В новой шапке The Broadway Journal, напечатанной 25 октября, Эдгар А. По был указан как «редактор и владелец».
Мечта По сбылась. Наконец-то у него появился собственный журнал.
Триумф, тем не менее, был горьким и коротким. Молодой Уолт Уитмен встретился с По в офисе на Бродвее и нашел его «очень добрым и человечным, но сдержанным, возможно, немного измученным». По сказал Чиверсу: «Я пережил трудное время и предпринимал всевозможные шаги». Он был подавлен: «Мне приходится все делать самостоятельно – редактировать газету и сдавать ее в печать – и заниматься множеством других дел… Те минуты, которые я провожу за написанием этих слов, сами по себе золотые».

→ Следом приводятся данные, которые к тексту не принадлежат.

Lemma filterlim_MI_l_div S0 S1 p0 p1 l : 0 < p0 -> 0 < p1 -> p0 + p1 = 1 ->
  filterlim (fun x => MI_l S0 S1 p0 p1 l x / x) (at_right 0)
    (locally (mi_rate p0 p1 (S0 + l) (S1 + l))).
Proof.
  intros H0 H1 Hsum.
  set (l0 := rate S0 l). set (l1 := rate S1 l).
  assert (L0 : 0 <= l0) by apply pow2_ge_0.
  assert (L1 : 0 <= l1) by apply pow2_ge_0.
  set (P := fun x => p0 * (1 - exp (- (l0 * x))) + p1 * (1 - exp (- (l1 * x)))).
  assert (HP : is_derive P 0 (p0 * l0 + p1 * l1)).
  { unfold P. auto_derive; auto. rewrite !Rmult_0_r, !Ropp_0, !exp_0. ring. }
  assert (P0 : P 0 = 0) by (unfold P; rewrite !Rmult_0_r, !Ropp_0, !exp_0; ring).
  assert (M0 : 0 < l0 -> 0 < p0 * l0 + p1 * l1) by nra.
  assert (M1 : 0 < l1 -> 0 < p0 * l0 + p1 * l1) by nra.
  pose proof (filterlim_plus_fun _ _ _ _ _ (filterlim_no_click_terms p0 p1 l0 l1 H0 H1 Hsum)
    (filterlim_plus_fun _ _ _ _ _
      (filterlim_mult_fun _ _ _ _ _ (filterlim_const p0) (filterlim_click_term l0 P _ L0 HP P0 M0))
      (filterlim_mult_fun _ _ _ _ _ (filterlim_const p1) (filterlim_click_term l1 P _ L1 HP P0 M1))))
    as L.
  replace (mi_rate p0 p1 (S0 + l) (S1 + l))
    with (0 + (p0 * plogr l0 (p0 * l0 + p1 * l1) + p1 * plogr l1 (p0 * l0 + p1 * l1)))
    by (unfold mi_rate, l0, l1, rate; ring).
  eapply filterlim_ext; [|exact L].
  intros x. simpl. unfold MI_l, binMI, p_click, P. fold l0 l1.
  replace (1 - (1 - exp (- (l0 * x)))) with (exp (- (l0 * x))) by ring.
  replace (1 - (1 - exp (- (l1 * x)))) with (exp (- (l1 * x))) by ring.
  unfold Rdiv. ring.
Qed.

К началу декабря По был вынужден искать нового спонсора и жаловался, что «все на нас набрасываются, как маленькие собачонки», включая студента-теолога из Принстона, который назвал «Беса противоречия» «философской халтурой», преследующей свою идею «из дебрей френологии в трансцендентализм, а затем в метафизику». Бес нанес новый удар в конце декабря, когда «один из его приступов пьянства» заставил его напечатать журнал с полутора колонками, оставшимися пустыми.
Его финансовый спонсор, Томас Лейн, решил «полностью закрыть издание». Последний номер вышел 3 января 1846 года. Корнелия Уэллс Уолтер «танцевала на его могиле»: «Доверять друзьям – так себе занятие. Особенно, когда денег мало. The Broadway Journal доказал свою несостоятельность, и друзья не станут за это платить».
Вскоре он был втянут в новое осиное гнездо, полное «ревности и сердечных ожогов». Во время посещения дома По Элизабет Эллет подслушала, как Фрэнсис Осгуд и Вирджиния смеялись – как она полагала, по поводу ее пылкого письма, отправленного По. Следуя принципу обвинения других в собственных проступках, Эллет распространила слухи о компрометирующих письмах Осгуд к По. Ее завистливые инсинуации «стали городской молвой, по крайней мере, среди литературных людей».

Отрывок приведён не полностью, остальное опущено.